Join helpers project columns explicitly, drop duplicate right-side keys, and
raise when collisions would occur. Opt into suffixes through
`JoinProjection(allow_collisions=True)` when needed, and use `column()` to
declare predicates that compare two columns without writing raw SQL.

---

## Extras worth knowing

### DataFrame interop

Install optional extras when you want pandas or Polars integration:

```bash
uv pip install "duckplus[pandas]"      # pandas DataFrame support
uv pip install "duckplus[polars]"      # Polars DataFrame support
```

Once installed, relations expose familiar helpers:

```python
df = rel.df()            # pandas.DataFrame
pl_frame = rel.pl()      # polars.DataFrame

from duckplus import DuckRel
rel_from_df = DuckRel.from_pandas(df)
rel_from_pl = DuckRel.from_polars(pl_frame)
```

Attempting to call these helpers without the matching extra raises a clear
``ModuleNotFoundError`` explaining how to install the dependency.

### Command line interface

```bash
uv run duckplus sql "SELECT 42 AS answer"
uv run duckplus schema "SELECT 1 AS id, 'alpha' AS label"
uv run duckplus --repl
```

The CLI provides read-only helpers for quick exploration.
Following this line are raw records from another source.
Lemma Derive_comp_C2 (h h1 h2 u u1 u2 : R -> R) :
  (forall y, is_derive h y (h1 y)) -> (forall y, is_derive h1 y (h2 y)) ->
  (forall t, is_derive u t (u1 t)) -> (forall t, is_derive u1 t (u2 t)) ->
  forall t, Derive (fun t => h (u t)) t = h1 (u t) * u1 t /\
    Derive (fun t => Derive (fun t => h (u t)) t) t = h2 (u t) * u1 t ^ 2 + h1 (u t) * u2 t.
Proof.
  intros Hh Hh1 Hu Hu1.
  assert (D1 : forall t, Derive (fun t => h (u t)) t = h1 (u t) * u1 t).
  { intros t. apply is_derive_unique. eapply is_derive_eq_deriv.
    - apply (is_derive_Rcomp h u); [apply Hh | apply Hu].
    - ring. }
  intros t. split; [apply D1|].
  rewrite (Derive_ext (fun t => Derive (fun t => h (u t)) t) _ t D1).
  apply is_derive_unique. eapply is_derive_eq_deriv.
  - apply is_derive_Rmult; [apply (is_derive_Rcomp h1 u)|]; auto.
  - cbv beta. ring.
Qed.

Section Cutoff.

Variable eta : R -> R.
Hypothesis Heta_d1 : forall s, 0 < s -> ex_derive eta s.
Hypothesis Heta_d2 : forall s, 0 < s -> ex_derive (Derive eta) s.
Hypothesis Heta_c2 : forall s, 0 < s -> continuous (Derive (Derive eta)) s.
Hypothesis Heta_one : forall s, 0 <= s <= 1/2 -> eta s = 1.

Definition eta_ext s := if Rle_dec s (1/2) then 1 else eta s.
Definition eta_ext1 := Derive eta_ext.
Definition eta_ext2 := Derive eta_ext1.

Lemma eta_ext_eq s : 0 < s -> eta_ext s = eta s.
Proof.
  intros Hs. unfold eta_ext. destruct (Rle_dec s (1/2)); auto. rewrite Heta_one; auto; lra.
Qed.

Lemma is_derive_eta_ext_lt_half s : s < 1/2 -> is_derive eta_ext s 0.
Proof.
  intros Hs. apply is_derive_ext_loc with (fun _ => 1); [|apply is_derive_Rconst].
  apply (filter_imp (fun z => z < 1/2)); [|now apply locally_lt].
  intros z Hz. unfold eta_ext. destruct (Rle_dec z (1/2)); [reflexivity | lra].
Qed.

Lemma eta_ext1_lt_half s : s < 1/2 -> eta_ext1 s = 0.
Proof. intros Hs. now apply is_derive_unique, is_derive_eta_ext_lt_half. Qed.

Lemma eta_ext1_eq s : 0 < s -> eta_ext1 s = Derive eta s.
Proof.
  intros Hs. apply Derive_ext_loc.
  apply (filter_imp (fun z => 0 < z)); [apply eta_ext_eq | now apply locally_gt].
Qed.

Lemma is_derive_eta_ext s : is_derive eta_ext s (eta_ext1 s).
Proof.
  apply Derive_correct. destruct (Rlt_le_dec s (1/2)).
  - exists 0. now apply is_derive_eta_ext_lt_half.
  - exists (Derive eta s). apply is_derive_ext_loc with eta.
    + apply (filter_imp (fun z => 0 < z)); [|apply locally_gt; lra].
      intros z Hz. now rewrite eta_ext_eq.
    + apply Derive_correct, Heta_d1. lra.
Qed.

Lemma is_derive_eta_ext1_lt_half s : s < 1/2 -> is_derive eta_ext1 s 0.
Proof.
  intros Hs. apply is_derive_ext_loc with (fun _ => 0); [|apply is_derive_Rconst].
  apply (filter_imp (fun z => z < 1/2)); [|now apply locally_lt].
  intros z Hz. now rewrite eta_ext1_lt_half.
Qed.

Lemma eta_ext2_lt_half s : s < 1/2 -> eta_ext2 s = 0.
Proof. intros Hs. now apply is_derive_unique, is_derive_eta_ext1_lt_half. Qed.

Lemma eta_ext2_eq s : 0 < s -> eta_ext2 s = Derive (Derive eta) s.
Proof.
  intros Hs. apply Derive_ext_loc.
  apply (filter_imp (fun z => 0 < z)); [apply eta_ext1_eq | now apply locally_gt].
Qed.

Lemma is_derive_eta_ext1 s : is_derive eta_ext1 s (eta_ext2 s).
Proof.
  apply Derive_correct. destruct (Rlt_le_dec s (1/2)).
  - exists 0. now apply is_derive_eta_ext1_lt_half.
  - exists (Derive (Derive eta) s). apply is_derive_ext_loc with (Derive eta).
    + apply (filter_imp (fun z => 0 < z)); [|apply locally_gt; lra].
      intros z Hz. now rewrite eta_ext1_eq.
    + apply Derive_correct, Heta_d2. lra.
Qed.

Lemma eta_ext2_continuous s : 0 < s -> continuous eta_ext2 s.
Proof.
  intros Hs. apply continuous_ext_loc with (Derive (Derive eta)); [|now apply Heta_c2].
  apply (filter_imp (fun z => 0 < z)); [|now apply locally_gt].
  intros z Hz. now rewrite eta_ext2_eq.
Qed.

Lemma eta_ext_bounded : exists K0 K1 K2, 0 <= K0 /\ 0 <= K1 /\ 0 <= K2 /\
  forall s, 1/2 <= s <= 1 ->
    Rabs (eta_ext s) <= K0 /\ Rabs (eta_ext1 s) <= K1 /\ Rabs (eta_ext2 s) <= K2.
Proof.
  destruct (continuous_bounded_segment eta_ext (1/2) 1 ltac:(lra)) as [K0 [H0 H0']].
  { intros x _. eapply is_derive_continuous, is_derive_eta_ext. }
  destruct (continuous_bounded_segment eta_ext1 (1/2) 1 ltac:(lra)) as [K1 [H1 H1']].
  { intros x _. eapply is_derive_continuous, is_derive_eta_ext1. }
  destruct (continuous_bounded_segment eta_ext2 (1/2) 1 ltac:(lra)) as [K2 [H2 H2']].
  { intros x Hx. apply eta_ext2_continuous. lra. }
  exists K0, K1, K2. repeat split; auto.
Qed.

Variable q : R.
Hypothesis Hq : 2 < q.

Definition cutoff s := rpow (eta_ext s) q.
Definition cutoff1 s := q * rpow (eta_ext s) (q - 1) * eta_ext1 s.
Definition cutoff2 s := q * (q - 1) * rpow (eta_ext s) (q - 2) * eta_ext1 s ^ 2
                        + q * rpow (eta_ext s) (q - 1) * eta_ext2 s.

Lemma is_derive_cutoff s : is_derive cutoff s (cutoff1 s).
Proof.
  eapply is_derive_eq_deriv.
  - apply (is_derive_Rcomp (fun y => rpow y q) eta_ext);
      [apply is_derive_rpow; lra | apply is_derive_eta_ext].
  - unfold cutoff1. ring.
Qed.

Lemma is_derive_cutoff1 s : is_derive cutoff1 s (cutoff2 s).
Proof.
  eapply is_derive_eq_deriv.
  - apply is_derive_Rmult; [apply is_derive_Rscal|apply is_derive_eta_ext1].
    apply (is_derive_Rcomp (fun y => rpow y (q - 1)) eta_ext);
      [apply is_derive_rpow; lra | apply is_derive_eta_ext].
  - unfold cutoff2. replace (q - 1 - 1) with (q - 2) by ring. ring.
Qed.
Point it at a DuckDB
file with `--database path/to/file.duckdb` when needed.

### HTML previews

```python
from duckplus import DuckRel, connect, to_html

with connect() as conn:
    rel = DuckRel(conn.raw.sql("SELECT 1 AS id, 'Alice & Bob' AS name"))

html = to_html(rel, max_rows=10, null_display="∅", class_="preview")
```

`to_html` renders safe, escaped previews with optional styling hooks.

---

## Documentation workflow

The documentation site is published automatically to GitHub Pages by the
[`Docs`](https://github.com/isaacnfairplay/duck/actions/workflows/docs.yml)
workflow. Every push to `main` and each pull request runs `uv sync`, builds the
Sphinx project, and uploads the generated HTML as a GitHub Pages artifact. Pages
serves the most recent deployment at
[https://isaacnfairplay.github.io/duck/](https://isaacnfairplay.github.io/duck/),
and workflow summaries include preview links you can share for review.

If a deployment fails:

1. Open the **Actions → Docs** run for the failing commit or pull request.
2. Review the build logs, especially the `uv run sphinx-build` step for Sphinx
   warnings promoted to errors.
3. Re-run the job from the Actions UI after fixing the problem to publish an
   updated preview.

For a local preview outside CI, run:

```bash
uv sync
uv run sphinx-build -b html docs/source docs/_build/html
python -m webbrowser docs/_build/html/index.html  # optional helper to open the preview
```

---

## Learn more

- Review the [API reference](https://isaacnfairplay.github.io/duck/api_reference.html) for detailed method docs and
  typing information.
- Explore unit tests under `tests/` to see edge cases and best practices.

If you run into questions or want to suggest improvements, open an issue or
pull request. We welcome contributions that keep Duck+ reliable for the long
haul.

---

## License

Duck+ is available under the [MIT License](LICENSE).